Nadjeżdżające jeden po drugim autobusy, a potem – półgodzinna przerwa w kursach – to udręka dla pasażerów MZK. Niebawem ma się to zmienić
Chodzi o to, by np. autobusy linii nr 6 i 7, które od Cieplic aż do Zabobrza jeżdżą prawie taką samą trasą, nie jeździły o tej samej godzinie. Obecnie często się zdarza, że na przystanek podjeżdżają praktycznie razem. W planach, szóstki i „siódemki mają jeździć regularnie, co 12 minut w szczycie i 24 minuty poza szczytem, i względem siebie mają być przesunięte, by nie jeździć razem (autobus co 6 minut w szczycie i co 12 poza szczytem).

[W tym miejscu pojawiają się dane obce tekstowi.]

Theorem mainTheorem8 (R : realType) (V : countType) (P : V -> V -> R)
  (S : set V) (o : V)
  (P_ge0 : forall u v, 0 <= P u v)
  (P_stoch : forall u, \esum_(v in [set: V]) (P u v)%:E = 1%E)
  (P_leaves : forall (F : set V) (u : V), finite_set F -> exit_prob P F u = 1%E)
  (S_fin : finite_set S) :
  (forall x y : V, x <> y -> ~ S x -> ~ S y ->
     seq_prob P S o (S `|` [set x; y]) = sim_prob P S o (S `|` [set x; y]))
  /\ (forall C : set V, seq_prob P S o C = sim_prob P S o C).
Proof. by split=> [x y _ _ _ | C]; apply: seq_prob_sim_prob. Qed.
Theorem theorem3 (R : realType) (j : nat) (hj : (2 <= j)%N) :
  (exists m1 m2 : cmeasure R (2 * j)%N.+1,
      even_invariant_UTB_cmeasure m1 /\ even_invariant_UTB_cmeasure m2 /\
      cmeasure_distinct m1 m2 /\ same_projection m1 m2)
  /\
  (exists mu : {charge set (((2 * j)%N.+1).-tuple R * ((2 * j)%N.+1).-tuple R)%type -> \bar R},
      even_invariant_UTB_measure mu /\
      (exists A, measurable A /\ mu A <> 0%E) /\
      (forall A : set (((2 * j)%N.+1).-tuple R), measurable A -> projection mu A = 0%E)).
Proof.
have hN := four_le_double_succ hj.
pose mu := twisted_charge R (2 * j).+1.
have mu_inv : even_invariant_UTB_measure mu := twisted_charge_invariant R hN.
have mu_proj A : measurable A -> projection mu A = 0%E := @projection_twisted_charge R _ A.
have mu_nz : exists A, measurable A /\ mu A <> 0%E.
  exists (twist_pos hN); split; first exact: measurable_twist_pos.
  by move=> mu0; have := twisted_charge_twist_pos_gt0 R hN; rewrite -/mu mu0 ltxx.
split; last by exists mu.
pose zero : {charge set (((2 * j).+1).-tuple R * ((2 * j).+1).-tuple R)%type -> \bar R} :=
  czero.
have zero_inv : even_invariant_UTB_measure zero := even_invariant_UTB_czero R (2 * j).+1.
exists (mu, zero), (zero, zero); split; [by []|split; [by []|split]].
  by have [A [mA muA]] := mu_nz; exists A; split; last by left.
by move=> B mB; split; [exact: mu_proj|].
Qed.
Lemma lists_spec (n t : nat) (l : list quat) :
  In l (lists n t) -> length l = n /\ l1_total l = Z.of_nat t.
Proof.
  revert t l; induction n as [|m IH]; intros t l H; [simpl in H | rewrite lists_S in H].
  - destruct t; simpl in H; [destruct H as [<-|[]]; simpl; lia | contradiction].
  - apply in_flat_map in H as [w [Hw H]].
    apply in_flat_map in H as [x [Hx H]].
    apply in_map_iff in H as [l' [<- H]].
    apply in_seq in Hw; apply IH in H; apply sphere_l1 in Hx.
    simpl; lia.
Qed.

Lemma NoDup_flat_map {A B : Type} (f : A -> list B) (l : list A) :
  NoDup l -> (forall x, In x l -> NoDup (f x)) ->
  (forall x y z, In x l -> In y l -> In z (f x) -> In z (f y) -> x = y) ->
  NoDup (flat_map f l).
Proof.
  induction l as [|a l IH]; intros Hnd Hf Hd; simpl; [constructor|].
  inversion Hnd as [|? ? Ha Hl]; subst.
  apply NoDup_app.
  - apply Hf; simpl; auto.
  - apply IH; auto; [intros; apply Hf | intros; eapply Hd]; simpl; eauto.
  - intros z Hz Hz'; apply in_flat_map in Hz' as [y [Hy Hzy]].
    assert (a = y) as <- by (eapply Hd; simpl; eauto); contradiction.
Qed.

Lemma lists_nodup (n t : nat) : NoDup (lists n t).
Proof.
  revert t; induction n as [|m IH]; intro t; [simpl | rewrite lists_S].
  - destruct t; repeat constructor; simpl; auto.
  - apply NoDup_flat_map; [apply seq_NoDup| |].
    + intros w _; apply NoDup_flat_map; [apply sphere_nodup| |].
      * intros x _; apply NoDup_map_NoDup_ForallPairs; [|apply IH].
        intros a b _ _ E; injection E; auto.
      * intros x y z _ _ Hx Hy; apply in_map_iff in Hx as [a [<- _]].
        apply in_map_iff in Hy as [b [E _]]; injection E; auto.
    + intros w w' z _ _ Hz Hz'.
      apply in_flat_map in Hz as [x [Hx Hz]], Hz' as [x' [Hx' Hz']].
      apply in_map_iff in Hz as [a [<- _]], Hz' as [b [E _]].
      injection E as ->; apply sphere_l1 in Hx, Hx'; lia.
Qed.

Lemma length_flat_map_cons (A : list quat) (B : list (list quat)) :
  length (flat_map (fun x => map (cons x) B) A) = (length A * length B)%nat.
Proof. induction A; simpl; auto; rewrite length_app, length_map, IHA; lia. Qed.

Lemma lists_length0 (n : nat) : length (lists n 0) = 1%nat.
Proof.
  induction n; [reflexivity|]; rewrite lists_S; cbn [seq flat_map Nat.sub].
  rewrite !length_app, !length_flat_map_cons, IHn; reflexivity.
Qed.

Lemma lists_length1 (n : nat) : length (lists n 1) = (8 * n)%nat.
Proof.
  induction n; [reflexivity|]; rewrite lists_S; cbn [seq flat_map Nat.sub].
  rewrite !length_app, !length_flat_map_cons, lists_length0, IHn; simpl; lia.
Qed.

Lemma lists_length2 (n : nat) : length (lists n 2) = (32 * n * n)%nat.
Proof.
  induction n; [reflexivity|]; rewrite lists_S; cbn [seq flat_map Nat.sub].
  rewrite !length_app, !length_flat_map_cons, lists_length0, lists_length1, IHn.
  simpl; lia.
Qed.

Definition small_lists (n : nat) : list (list quat) := lists n 0 ++ lists n 1 ++ lists n 2.

Lemma small_lists_spec (n : nat) (l : list quat) :
  In l (small_lists n) -> length l = n /\ l1_total l <= 2.
Proof.
  unfold small_lists; intro H; apply in_app_or in H as [H|H];
    [|apply in_app_or in H as [H|H]]; apply lists_spec in H; simpl in H; lia.
Qed.

Lemma small_lists_nodup (n : nat) : NoDup (small_lists n).
Proof.
  unfold small_lists; apply NoDup_app; [apply lists_nodup| |].
  - apply NoDup_app; [apply lists_nodup | apply lists_nodup|].
    intros a H1 H2; apply lists_spec in H1, H2; simpl in *; lia.
  - intros a H1 H2; apply lists_spec in H1; apply in_app_or in H2 as [H2|H2];
      apply lists_spec in H2; simpl in *; lia.
Qed.

Lemma small_lists_length (n : nat) :
  length (small_lists n) = (1 + 8 * n + 32 * n * n)%nat.
Proof.
  unfold small_lists; rewrite !length_app, lists_length0, lists_length1, lists_length2.
  lia.
Qed.

Definition vec_of (l : list quat) : vec := fun i => nth i l qzero.

Lemma sum_upto_shift (m : nat) (f : nat -> Z) :
  sum_upto (S m) f = f 0%nat + sum_upto m (fun i => f (S i)).
Proof. induction m; simpl in *; [lia | rewrite IHm; lia]. Qed.

Lemma sum_upto_nth_l1 (l : list quat) :
  sum_upto (length l) (fun i => l1 (nth i l qzero)) = l1_total l.
Proof.
  induction l as [|a l IH]; [reflexivity|].
  cbn [length]; rewrite sum_upto_shift; cbn [nth]; now rewrite IH.
Qed.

Regularne i zsynchronizowane przejazdy wprowadzono na próbę na tych liniach w weekendy. – Pomysł się sprawdza. Jeszcze w wakacje wprowadzimy je w dni robocze – mówi Marek Woźniak, dyrektor Miejskiego Zakładu Komunikacyjnego.
MZK planuje także zmiany w trasach niektórych linii. Wcześniej projekt zostanie poddany publicznej dyskusji: trafi na stronę www firmy, będzie omawiany podczas spotkań z mieszkańcami.